Let's list the top authors with the most number of points/comments recieved, by creating a dictionary of author and points/comments.


In [80]:
author_points = {}
author_comments = {}
for row in hn:
    author = row[5]
    point = int(row[3])
    comment = int(row[4])
    if author in author_points:
        author_points[author] += point
    else:
        author_points[author] = point
        
    if author in author_comments:
        author_comments[author] += comment
    else:
        author_comments[author] = comment
        
author_point_list = []
author_comment_list = []
for k, v in author_points.items():
    author_point_list.append([v, k])
    
for k, v in author_comments.items():
    author_comment_list.append([v, k])
    
author_point_list = sorted(author_point_list,reverse = True)
author_comment_list = sorted(author_comment_list,reverse = True)
for k, item in enumerate(author_point_list[:10], 1):
    print(f"{k}. {item[1]} has {item[0]} points.")
    
print("\n")
for k, item in enumerate(author_comment_list[:10],1):
    print(f"{k}.{item[1]} has {item[0]} comments.")    

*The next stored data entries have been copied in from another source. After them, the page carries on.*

(* Let $S$ be a finite state space, $P$ a row-stochastic $|S|\times|S|$ matrix, $R\in\mathbb{R}^{|S|}$, $\gamma\in(0,1)$, $\beta\in(0,1)$, $d_\mu$ a probability vector on $S$, $f^\top=d_\mu^\top(I-\beta P)^{-1}$ with $f(s)>0$ for all $s$, and $\kappa=\min_s d_\mu(s)/f(s)$. Let $T(V)=R+\gamma PV$, let $V^\pi=(I-\gamma P)^{-1}R$ be its fixed point, let $\Phi$ be an $n\times|S|$ feature matrix (columns $\phi(s)\in\mathbb{R}^n$), and let $\Pi_f$ be the orthogonal projection onto $\{\Phi^\top\theta:\theta\in\mathbb{R}^n\}$ with respect to $\|v\|_f=\sqrt{\sum_s f(s)v(s)^2}$. Assume $\beta>\gamma^2(1-\kappa)$ and let $\theta^*$ satisfy $\Phi^\top\theta^*=\Pi_f T(\Phi^\top\theta^* )$. Then $$\|\Phi^\top\theta^*-V^\pi\|_f\le \frac{1}{\sqrt{1-\frac{\gamma^2}{\beta}(1-\kappa)}}\,\|\Pi_f V^\pi-V^\pi\|_f,$$ $$\|\Phi^\top\theta^*-V^\pi\|_{d_\mu}\le \frac{1}{\sqrt{\gamma\left(1-\frac{\gamma^2}{\beta}(1-\kappa)\right)}}\,\|\Pi_f V^\pi-V^\pi\|_f,$$ where $\|v\|_{d_\mu}=\sqrt{\sum_s d_\mu(s)v(s)^2}$.
   Context: $P,R$ are the transition matrix and reward vector of the target policy $\pi$ in a finite MDP with discount $\gamma$; $d_\mu$ is the stationary state distribution of the behavior policy; $\theta^*$ is the limit of the ETD(0, $\beta$) algorithm, characterized as a solution of the projected fixed-point equation $V=\Pi_f T V$. *)

From HB Require Import structures.
From mathcomp Require Import all_boot all_order all_algebra.
From mathcomp Require Import reals.
Set Implicit Arguments. Unset Strict Implicit. Unset Printing Implicit Defensive.
Import Order.TTheory GRing.Theory Num.Theory.
Local Open Scope ring_scope.

Section Defs.
Variables (R : realType) (k : nat).

Definition row_stochastic (P : 'M[R]_k) : Prop :=
  (forall i j, 0 <= P i j) /\ (forall i, \sum_(j < k) P i j = 1).

Definition prob_vec (d : 'cV[R]_k) : Prop :=
  (forall i, 0 <= d i 0) /\ \sum_(i < k) d i 0 = 1.

Definition emph_f (d : 'cV[R]_k) (beta : R) (P : 'M[R]_k) : 'cV[R]_k :=
  (invmx (1%:M - beta *: P))^T *m d.

Definition bellman (r : 'cV[R]_k) (gamma : R) (P : 'M[R]_k) (V : 'cV[R]_k)
  : 'cV[R]_k := r + gamma *: (P *m V).

Definition Vpi (r : 'cV[R]_k) (gamma : R) (P : 'M[R]_k) : 'cV[R]_k :=
  invmx (1%:M - gamma *: P) *m r.

Definition wdot (w u v : 'cV[R]_k) : R := \sum_(i < k) w i 0 * u i 0 * v i 0.
Definition wnorm (w v : 'cV[R]_k) : R := Num.sqrt (\sum_(i < k) w i 0 * v i 0 ^+ 2).

(* [is_proj_f f Phi v p] : p = Pi_f v, the orthogonal projection of v onto
   {Phi^T theta} w.r.t. the f-weighted inner product. *)
Definition is_proj_f (n : nat) (f : 'cV[R]_k) (Phi : 'M[R]_(n, k))
  (v p : 'cV[R]_k) : Prop :=
  (exists theta : 'cV[R]_n, p = Phi^T *m theta) /\
  (forall theta : 'cV[R]_n, wdot f (v - p) (Phi^T *m theta) = 0).

End Defs.

From HB Require Import structures.
From mathcomp Require Import all_boot all_order all_algebra.
From mathcomp Require Import reals ring lra.
Import Order.TTheory GRing.Theory Num.Theory.
Local Open Scope ring_scope.

(** Write [e = Phi^T theta_star - V^pi] and [p = Pi_f V^pi].  Since [V^pi] is the
    fixed point of [T], [T(Phi^T theta_star) - V^pi = gamma P e], and because
    [Phi^T theta_star - p] is the projection of [gamma P e], Pythagoras gives
    [||e||_f^2 <= ||gamma P e||_f^2 + ||p - V^pi||_f^2].  By Jensen,
    [||P e||_f^2 <= sum_s (P^T f)(s) e(s)^2], and the emphatic weights satisfy
    [beta P^T f = f - d_mu <= (1 - kappa) f], so [T] contracts the squared
    [f]-norm by [gamma^2 (1 - kappa) / beta < 1].  Finally [d_mu <= f]. *)

Set Implicit Arguments. Unset Strict Implicit.

Section WeightedNorm.
Variables (R : realType) (k : nat).
Implicit Types (w u v z : 'cV[R]_k) (c : R).

Definition wnorm2 w v : R := \sum_(i < k) w i 0 * v i 0 ^+ 2.

Lemma wnormE w v : wnorm w v = Num.sqrt (wnorm2 w v).
Proof. by []. Qed.

Lemma wdotC w u v : wdot w u v = wdot w v u.
Proof. by apply: eq_bigr => i _; ring. Qed.

Lemma wdotNl w u z : wdot w (- u) z = - wdot w u z.
Proof. by rewrite /wdot -sumrN; apply: eq_bigr => i _; rewrite !mxE; ring. Qed.

Lemma wdotBl w u v z : wdot w (u - v) z = wdot w u z - wdot w v z.
Proof. by rewrite /wdot -sumrB; apply: eq_bigr => i _; rewrite !mxE; ring. Qed.

Lemma wnorm2D w u v :
  wnorm2 w (u + v) = wnorm2 w u + wnorm2 w v + 2 * wdot w u v.
Proof.
rewrite /wnorm2 /wdot mulr_sumr -!big_split /=.
by apply: eq_bigr => i _; rewrite !mxE; ring.
Qed.

Lemma wnorm2Z w c v : wnorm2 w (c *: v) = c ^+ 2 * wnorm2 w v.
Proof. by rewrite /wnorm2 mulr_sumr; apply: eq_bigr => i _; rewrite !mxE; ring. Qed.

Lemma wnorm2_scalel w c v : wnorm2 (c *: w) v = c * wnorm2 w v.
Proof. by rewrite /wnorm2 mulr_sumr; apply: eq_bigr => i _; rewrite !mxE mulrA. Qed.

Lemma wnorm2_ge0 w v : (forall i, 0 <= w i 0) -> 0 <= wnorm2 w v.
Proof. by move=> w_ge0; apply: sumr_ge0 => i _; rewrite mulr_ge0 ?sqr_ge0. Qed.

Lemma ler_wnorm2 w1 w2 v :
  (forall i, w1 i 0 <= w2 i 0) -> wnorm2 w1 v <= wnorm2 w2 v.
Proof. by move=> le_w; apply: ler_sum => i _; rewrite ler_wpM2r ?sqr_ge0. Qed.

End WeightedNorm.

Section Projection.
Variables (R : realType) (k n : nat) (f : 'cV[R]_k) (Phi : 'M[R]_(n, k)).
Hypothesis f_ge0 : forall i, 0 <= f i 0.

Lemma wnorm2_proj_split x v p : (exists theta, x = Phi^T *m theta) ->
  is_proj_f f Phi v p -> wnorm2 f (x - v) = wnorm2 f (x - p) + wnorm2 f (p - v).
Proof.
move=> [tx ->] [[tp ->] orth_v].
have orth : wdot f (Phi^T *m tx - Phi^T *m tp) (Phi^T *m tp - v) = 0.
  by rewrite wdotC -opprB wdotNl -mulmxBr orth_v oppr0.
have -> : Phi^T *m tx - v = (Phi^T *m tx - Phi^T *m tp) + (Phi^T *m tp - v).
  by rewrite addrA subrK.
by rewrite [LHS]wnorm2D orth mulr0 addr0.
Qed.

Lemma wnorm2_proj_le y x v p : is_proj_f f Phi y x -> is_proj_f f Phi v p ->
  wnorm2 f (x - p) <= wnorm2 f (y - v).
Proof.
move=> [[tx ->] orth_y] [[tp ->] orth_v].
set q := Phi^T *m tx - Phi^T *m tp.
have orth : wdot f ((y - v) - q) q = 0.
  have -> : (y - v) - q = (y - Phi^T *m tx) - (v - Phi^T *m tp).
    by apply/matrixP => i j; rewrite !mxE; ring.
  by rewrite wdotBl /q -mulmxBr orth_y orth_v subrr.
have -> : y - v = q + ((y - v) - q) by rewrite [RHS]addrC subrK.
rewrite [wnorm2 f (q + _)]wnorm2D wdotC orth mulr0 addr0.
by rewrite lerDl wnorm2_ge0.
Qed.

Lemma projected_fixed_point_bound y x v p a :
  is_proj_f f Phi y x -> is_proj_f f Phi v p ->
  wnorm2 f (y - v) <= a * wnorm2 f (x - v) ->
  (1 - a) * wnorm2 f (x - v) <= wnorm2 f (p - v).
Proof.
move=> proj_x proj_p contr.
have := wnorm2_proj_le proj_x proj_p.
have := wnorm2_proj_split proj_x.1 proj_p.
lra.
Qed.

End Projection.

Lemma sqr_mean_le (R : realFieldType) (I : finType) (w v : I -> R) :
  (forall j, 0 <= w j) -> \sum_j w j = 1 ->
  (\sum_j w j * v j) ^+ 2 <= \sum_j w j * v j ^+ 2.
Proof.
move=> w_ge0 w_sum1.
have varE c : \sum_j w j * (v j - c) ^+ 2
    = \sum_j w j * v j ^+ 2 - 2 * c * \sum_j w j * v j + c ^+ 2 * \sum_j w j.
  by rewrite !mulr_sumr -sumrB -big_split /=; apply: eq_bigr => j _; ring.
have := varE (\sum_j w j * v j); rewrite w_sum1 => var_eq.
have var_ge0 : 0 <= \sum_j w j * (v j - \sum_j w j * v j) ^+ 2.
  by apply: sumr_ge0 => j _; rewrite mulr_ge0 ?sqr_ge0.
rewrite var_eq in var_ge0; lra.
Qed.

Section Stochastic.
Variables (R : realType) (k : nat) (P : 'M[R]_k).
Hypothesis P_stoch : row_stochastic P.

Lemma wnorm2_stochastic_le (w e : 'cV[R]_k) : (forall i, 0 <= w i 0) ->
  wnorm2 w (P *m e) <= wnorm2 (P^T *m w) e.
Proof.
have [P_ge0 P_sum1] := P_stoch; move=> w_ge0.
apply: le_trans (_ : _ <= \sum_i w i 0 * \sum_j P i j * e j 0 ^+ 2) _.
  apply: ler_sum => i _; rewrite ler_wpM2l // mxE.
  exact: (sqr_mean_le (fun j => e j 0) (P_ge0 i) (P_sum1 i)).
rewrite /wnorm2 (eq_bigr (fun i => \sum_j w i 0 * P i j * e j 0 ^+ 2)); last first.
  by move=> i _; rewrite mulr_sumr; apply: eq_bigr => j _; rewrite mulrA.
rewrite exchange_big; apply: ler_sum => j _; rewrite !mxE mulr_suml.
by apply: ler_sum => i _; rewrite !mxE [w i 0 * _]mulrC.
Qed.

Lemma row_stochastic_unitmx c : 0 <= c < 1 -> (1%:M - c *: P) \in unitmx.
Proof.
have [P_ge0 P_sum1] := P_stoch; move=> /andP[c_ge0 c_lt1].
rewrite -unitmx_tr -row_free_unit; apply: inj_row_free => u.
rewrite linearB linearZ /= trmx1 mulmxBr mulmx1 -scalemxAr => /eqP.
rewrite subr_eq0 => /eqP uM.
case: k P P_ge0 P_sum1 u uM => [|k'] Q Q_ge0 Q_sum1 u uM; first by apply/rowP => -[].
have uE i : u 0 i = c * \sum_j Q i j * u 0 j.
  by rewrite {1}uM !mxE; congr (_ * _); apply: eq_bigr => j _; rewrite mxE mulrC.
have [i _ i_max] := @arg_maxP _ _ _ ord0 xpredT (fun i => `|u 0 i|) isT.
have ui_le : `|u 0 i| <= c * `|u 0 i|.
  rewrite {1}uE normrM ger0_norm // ler_wpM2l //.
  apply: le_trans (ler_norm_sum _ _ _) _.
  rewrite -[X in _ <= X]mul1r -(Q_sum1 i) mulr_suml; apply: ler_sum => j _.
  by rewrite normrM ger0_norm // ler_wpM2l //; exact: i_max.
have ui0 : `|u 0 i| = 0.
  apply/eqP; rewrite eq_le normr_ge0 andbT.
  by rewrite -(pmulr_rle0 _ (_ : 0 < 1 - c)) ?subr_gt0 // mulrBl mul1r subr_le0.
apply/rowP => j; rewrite mxE; apply/eqP.
by rewrite -normr_eq0 eq_le normr_ge0 andbT -ui0; exact: i_max.
Qed.

Lemma bellmanB (r : 'cV[R]_k) gamma x y :
  bellman r gamma P x - bellman r gamma P y = gamma *: (P *m (x - y)).
Proof. by rewrite /bellman mulmxBr scalerBr opprD addrACA subrr add0r. Qed.

Lemma bellman_Vpi (r : 'cV[R]_k) gamma : 0 <= gamma < 1 ->
  bellman r gamma P (Vpi r gamma P) = Vpi r gamma P.
Proof.
move=> /row_stochastic_unitmx unitA; set V := Vpi r gamma P.
have rE : (1%:M - gamma *: P) *m V = r by rewrite mulmxA mulmxV // mul1mx.
by rewrite -rE mulmxBl mul1mx -scalemxAl /bellman subrK.
Qed.

Lemma emph_f_stochastic (d : 'cV[R]_k) beta : 0 <= beta < 1 ->
  beta *: (P^T *m emph_f d beta P) = emph_f d beta P - d.
Proof.
move=> /row_stochastic_unitmx unitA; set f := emph_f d beta P.
have dE : (1%:M - beta *: P)^T *m f = d.
  by rewrite mulmxA -trmx_mul mulVmx // trmx1 mul1mx.
rewrite -[X in _ = _ - X]dE linearB /= trmx1 mulmxBl mul1mx linearZ /=.
by rewrite -scalemxAl opprB addrC subrK.
Qed.

End Stochastic.

Section Emphatic.
Variables (R : realType) (k : nat) (P : 'M[R]_k) (d : 'cV[R]_k) (beta : R).
Hypotheses (P_stoch : row_stochastic P) (beta_gt0 : 0 < beta) (beta_lt1 : beta < 1).
Let f := emph_f d beta P.
Hypothesis f_gt0 : forall s, 0 < f s 0.

Lemma emph_fE j : d j 0 = f j 0 - beta * (P^T *m f) j 0.
Proof.
have dE : d = f - beta *: (P^T *m f).
  by rewrite emph_f_stochastic ?ltW // opprB addrC subrK.
by rewrite {1}dE !mxE.
Qed.

Lemma prob_le_emph_f j : d j 0 <= f j 0.
Proof.
have [P_ge0 _] := P_stoch.
rewrite emph_fE gerBl mulr_ge0 ?(ltW beta_gt0) // mxE.
by apply: sumr_ge0 => i _; rewrite mxE mulr_ge0 // ltW.
Qed.

Lemma emph_wnorm2_contraction kappa (gamma : R) (e : 'cV[R]_k) :
  (forall s, kappa <= d s 0 / f s 0) ->
  wnorm2 f (gamma *: (P *m e)) <= gamma ^+ 2 / beta * (1 - kappa) * wnorm2 f e.
Proof.
move=> kappa_min.
rewrite wnorm2Z -2!mulrA ler_wpM2l ?sqr_ge0 // mulrA -wnorm2_scalel.
apply: le_trans (wnorm2_stochastic_le P_stoch _ (fun i => ltW (f_gt0 i))) _.
apply: ler_wnorm2 => j; rewrite [X in _ <= X]mxE.
have : kappa * f j 0 <= d j 0 by rewrite -ler_pdivlMr.
rewrite emph_fE => kappa_le.
rewrite -(ler_pM2l beta_gt0) !mulrA mulfV ?gt_eqF // mul1r; lra.
Qed.

End Emphatic.

Theorem corollary1 (R : realType) (k n : nat)
  (P : 'M[R]_k) (r : 'cV[R]_k) (gamma beta : R) (d : 'cV[R]_k)
  (Phi : 'M[R]_(n, k)) (kappa : R) (theta_star : 'cV[R]_n) (piV : 'cV[R]_k) :
  row_stochastic P ->
  0 < gamma < 1 -> 0 < beta < 1 ->
  prob_vec d ->
  (forall s, 0 < (emph_f d beta P) s 0) ->
  (* kappa = min_s d(s) / f(s) *)
  kappa \in [seq d s 0 / (emph_f d beta P) s 0 | s <- enum 'I_k] ->
  (forall s, kappa <= d s 0 / (emph_f d beta P) s 0) ->
  beta > gamma ^+ 2 * (1 - kappa) ->
  (* Phi^T theta_star = Pi_f T (Phi^T theta_star) *)
  is_proj_f (emph_f d beta P) Phi (bellman r gamma P (Phi^T *m theta_star))
    (Phi^T *m theta_star) ->
  (* piV = Pi_f V^pi *)
  is_proj_f (emph_f d beta P) Phi (Vpi r gamma P) piV ->
  wnorm (emph_f d beta P) (Phi^T *m theta_star - Vpi r gamma P)
    <= (Num.sqrt (1 - gamma ^+ 2 / beta * (1 - kappa)))^-1
       * wnorm (emph_f d beta P) (piV - Vpi r gamma P)
  /\
  wnorm d (Phi^T *m theta_star - Vpi r gamma P)
    <= (Num.sqrt (gamma * (1 - gamma ^+ 2 / beta * (1 - kappa))))^-1
       * wnorm (emph_f d beta P) (piV - Vpi r gamma P).
Proof.
move=> P_stoch /andP[g_gt0 g_lt1] /andP[b_gt0 b_lt1] _ f_gt0 _ kappa_min b_big
  proj_x proj_p.
set f := emph_f d beta P in f_gt0 kappa_min proj_x proj_p *.
set V := Vpi r gamma P in proj_p *; set x := Phi^T *m theta_star in proj_x *.
set a := gamma ^+ 2 / beta * (1 - kappa).
have a_lt1 : 0 < 1 - a by rewrite subr_gt0 /a mulrAC ltr_pdivrMr // mul1r.
have contr : wnorm2 f (bellman r gamma P x - V) <= a * wnorm2 f (x - V).
  have V_fixed : bellman r gamma P V = V by rewrite bellman_Vpi // ltW.
  by rewrite -{1}V_fixed bellmanB; apply: emph_wnorm2_contraction.
have bound := projected_fixed_point_bound (fun i => ltW (f_gt0 i)) proj_x proj_p contr.
have f_bound : wnorm f (x - V) <= (Num.sqrt (1 - a))^-1 * wnorm f (piV - V).
  rewrite ler_pdivlMl ?sqrtr_gt0 // !wnormE -sqrtrM ?ler_wsqrtr //.
  exact: ltW.
split => //; apply: le_trans (_ : wnorm d (x - V) <= wnorm f (x - V)) _.
  by rewrite !wnormE ler_wsqrtr // ler_wnorm2 // => j; apply: prob_le_emph_f.
apply: le_trans f_bound _; rewrite ler_wpM2r ?sqrtr_ge0 //.
rewrite lef_pV2 ?posrE ?sqrtr_gt0 ?mulr_gt0 //.
by rewrite ler_wsqrtr // ger_pMl // ltW.
Qed.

1. ingve has 69465 points.
2. prostoalex has 32510 points.
3. jonbaer has 26157 points.
4. nkurz has 21085 points.
5. adamnemecek has 21071 points.
6. walterbell has 19810 points.
7. dnetesn has 19253 points.
8. jseliger has 17740 points.
9. uptown has 16900 points.
10. DiabloD3 has 15846 points.


1.ingve has 27940 comments.
2.prostoalex has 21572 comments.
3.jseliger has 13911 comments.
4.whoishiring has 12892 comments.
5.nkurz has 11643 comments.
6.walterbell has 9814 comments.
7.jonbaer has 9271 comments.
8.dnetesn has 8650 comments.
9.uptown has 8555 comments.
10.coloneltcb has 8262 comments.


#### Results
Author "ingve" tops both of the lists, with a whopping 69465 points which more than double that of "prostoalex" the runner up in both lists. In the matter of fact, most of the top 10 authors at the point list also show up at the comment list. This could be explained that the posts received more comments also been rewarded with more points.